I am starting to wonder why I bother. I study History and Politics at Uni, and while I know it will be different for the sciences, I'm starting to see that there is not a lot of point in studying much. Every semester (there's two each year), we have exams at the end, and I make detailed notes on every possible essay I see in the past papers, make notes on them in a paragraph-based bullet point format, and read them again and again until I can rattle them off by heart.
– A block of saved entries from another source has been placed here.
Lemma normalized_dist_arith (R : realType) (n m C eps gamma D U : R) :
  0 <= eps -> eps < gamma -> gamma <= C -> 0 < n -> 0 <= m <= n ->
  n * gamma < D -> n * (gamma - eps) <= U ->
  m ^+ 2 * C * eps ^+ 2 * D / (D * U) ^+ 2
    <= (eps / gamma + eps * C / (gamma * (gamma - eps))) ^+ 2 / n.
Proof.
move=> e0 ge gC n0 /andP[m0 mn] hD hU.
set h := gamma - eps.
have g0 : 0 < gamma by apply: le_lt_trans ge.
have h0 : 0 < h by rewrite subr_gt0.
have D0 : 0 < D by apply: lt_trans hD; rewrite mulr_gt0.
have U0 : 0 < U by apply: lt_le_trans hU; rewrite mulr_gt0.
have C0 : 0 < C by apply: lt_le_trans gC.
have -> : m ^+ 2 * C * eps ^+ 2 * D / (D * U) ^+ 2 = m ^+ 2 * (C * eps ^+ 2) / (D * U ^+ 2).
  by field; rewrite !gt_eqF.
have -> : (eps / gamma + eps * C / (gamma * h)) ^+ 2 / n
    = n ^+ 2 * ((h + C) ^+ 2 / gamma * eps ^+ 2) / (n * gamma * (n * h) ^+ 2).
  by rewrite /h; field; rewrite !gt_eqF.
have Cg : C * gamma <= (h + C) ^+ 2.
  have : 0 <= h * (h + C) + C * (C - eps) by rewrite addr_ge0 ?mulr_ge0 //; lra.
  rewrite /h; nra.
apply: ler_pM.
- by rewrite mulr_ge0 ?sqr_ge0 ?mulr_ge0 ?(ltW C0).
- by rewrite invr_ge0 mulr_ge0 ?sqr_ge0 ?ltW.
- apply: ler_pM.
  + exact: sqr_ge0.
  + by rewrite mulr_ge0 ?sqr_ge0 ?ltW.
  + by rewrite ler_sqr ?nnegrE // (le_trans m0).
  + by rewrite ler_wpM2r ?sqr_ge0 // ler_pdivlMr // mulrC.
- rewrite lef_pV2 ?posrE ?mulr_gt0 ?exprn_gt0 //.
  apply: ler_pM; [by rewrite mulr_ge0 ?ltW | exact: sqr_ge0 | exact: ltW |].
  by rewrite ler_sqr ?nnegrE ?mulr_ge0 ?(ltW n0) ?(ltW h0) ?(ltW U0).
Qed.

Section RowPerturbation.
Variables (R : realType) (T : finType).
Implicit Types (P : pred T) (w u : T -> R).

Lemma sum_perturbed_ge P w u eps : (forall j, P j -> `|u j - w j| <= eps) ->
  \sum_(j | P j) w j - #|P|%:R * eps <= \sum_(j | P j) u j.
Proof.
move=> he; rewrite -sumr_const_pred -sumrB ler_sum // => j Pj.
by move: (he j Pj); rewrite ler_norml => /andP[+ _]; lra.
Qed.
But then, when it gets to the exam, I always end up finding some topic I think looks interesting, and I'll write an essay on that based on my own general knowledge I've gained from reading etc. Like last term in history the general topic course was on early modern Europe, but by chance there was a question on whether or not the development of absolutism in the Three Kingdoms (Britain) was inevitable, and so of course anyone who's seen me in the Backroom or Monastery will know that I had to answer this question, and so I did. And I got 21 out of 22 for it (and my tutor said only 2 people out of the 40 he marked even got A's, which you need 18 for!). Whereas in Politics, which I'm not so interested in, I rattled off one of the standard respones and got IIRC 17 which is 1 mark off an A.
And since this term History focuses on Scotland from the National Covenant up until the Jacobites, I can just tell that I will end up going off in one of my rants which gets me good marks because I actually enjoy what I'm talking about.
This is what Uni seems to be like, its completely different to exams at school where you got marks by sticking strictly to the curriculum. Does anyone else find this?